Otro elemento que Rieff señala es el del perdón, y cita como ejemplo sobresaliente a España, donde la memoria colectiva tiene como objeto una reparación moral, como recuerda la escritora y política socialista Mercedes Gallizo. La Guerra Civil (1936-1939), sangrienta y estremecedora, dio paso a una dictadura, que a su vez solo pudo ser superada por el famoso ‘pacto del olvido’ entre las fuerzas políticas españolas. La libertad y la democracia eran más importantes que la justicia y el olvido fue el instrumento para avanzar. Claro que con los años se han retirado símbolos del franquismo. Por ejemplo, las calles que tenían nombres de aliados de Francisco Franco fueron rebautizadas, pero no con los nombres de los mártires republicanos sino con denominaciones de la realeza.

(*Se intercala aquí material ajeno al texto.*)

Lemma holds3_derived_zero_in_tensor S g : in_Var S m -> multilin3 n g ->
  zero_in_tensor S n (tensor_image g) -> holds3 m prec succ g.
Proof.
move=> HV g_lin [L [R [HL HR coef_g]]] v.
pose Psi (x : term1 * term2) := evald_ext v x.1 (eval2 *%R bul zvarX x.2).
have -> : \sum_(c <- g) c.1 *: eval3 m prec succ v c.2 = \sum_(u <- tensor_image g) u.1 *: Psi u.2.
  by rewrite big_map; apply: eq_big_seq => c /(allP g_lin) /eval3_evald_ext ->.
pose sL := flatten [seq [seq (c.1, (c.2, x.2)) | c <- x.1] | x <- L].
pose sR := flatten [seq [seq (c.1, (y.1, c.2)) | c <- y.2] | y <- R].
rewrite (@eq_sum_coef _ _ _ Psi _ (sL ++ sR)) => [|[a b]]; last first.
  rewrite coef_g /coef big_cat !big_flatten /= !big_map; congr (_ + _).
    apply: eq_bigr => x _; rewrite big_map mulr_suml; apply: eq_bigr => c _ /=.
    by rewrite xpair_eqE; case: (c.2 == a); case: (x.2 == b); rewrite ?mulr1 ?mulr0.
  apply: eq_bigr => y _; rewrite big_map mulr_sumr; apply: eq_bigr => c _ /=.
  by rewrite xpair_eqE; case: (c.2 == b); case: (y.1 == a); rewrite ?mul1r ?mul0r.
rewrite big_cat !big_flatten /= !big_map big1_seq ?add0r => [|x /andP [_ xL]].
  apply: big1_seq => y /andP [_ yR]; have [_ _ y_id] := HR y yR.
  have GD := GDshriek_derivation (lderiv_is_derivation K n).
  have ext_lin := evald_ext_is_linear v y.1.
  rewrite big_map -[RHS](linear_for0 ext_lin) -(y_id _ _ _ GD zvarX) (linear_for_sum ext_lin).
  by apply: eq_bigr => c _; rewrite (linear_forZ ext_lin).
have [_ x_id _] := HL x xL.
by rewrite big_map; apply: evald_ext_Var_identity HV x_id.
Qed.

End DerivedAlgebra.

Algo parecido se vivió en Chile de inicios de los 90, cuando Augusto Pinochet dejó el poder sin ir directamente a juicio. Otra vez, se eligió entre el practicismo de avanzar hacia la democracia o hacer justicia. Rieff sostiene que, si no es posible hacer justicia sin derramar sangre, es mejor olvidar.
La Segunda Guerra Mundial, conflicto de conflictos y quizás el evento más impactante, también ha sufrido algunos olvidos positivos. Hoy, el odio de los japoneses hacia los estadounidenses no existe, y viceversa. Historiadores y artistas de ambos países han revisado el pasado e incluso se han producido películas que se desmarcan del nacionalismo del bando respectivo. Toyota reina en EE.UU. y nadie se escandaliza. Eso no ha ocurrido en otros puntos. Las guerras civiles que desangraron a Yugoslavia (que Rieff cubrió en su juventud como corresponsal) se han basado en la incapacidad de sus naciones, influenciadas por sentimientos religiosos y raciales heredados desde la caída de Constantinopla, de perdonar.
El libro abunda en ejemplos, todos diversos y con sus propios matices, en una reflexión enriquecida con citas de pensadores sobre este fascinante tema, como Paul Ricoeur, Maurice Halbwachs, Avishai Margalit y Friedrich Nietzsche, quien escribió: “No hay hechos, solo interpretaciones”. Lo interesante está, pues, en quién realiza esas interpretaciones, y para qué.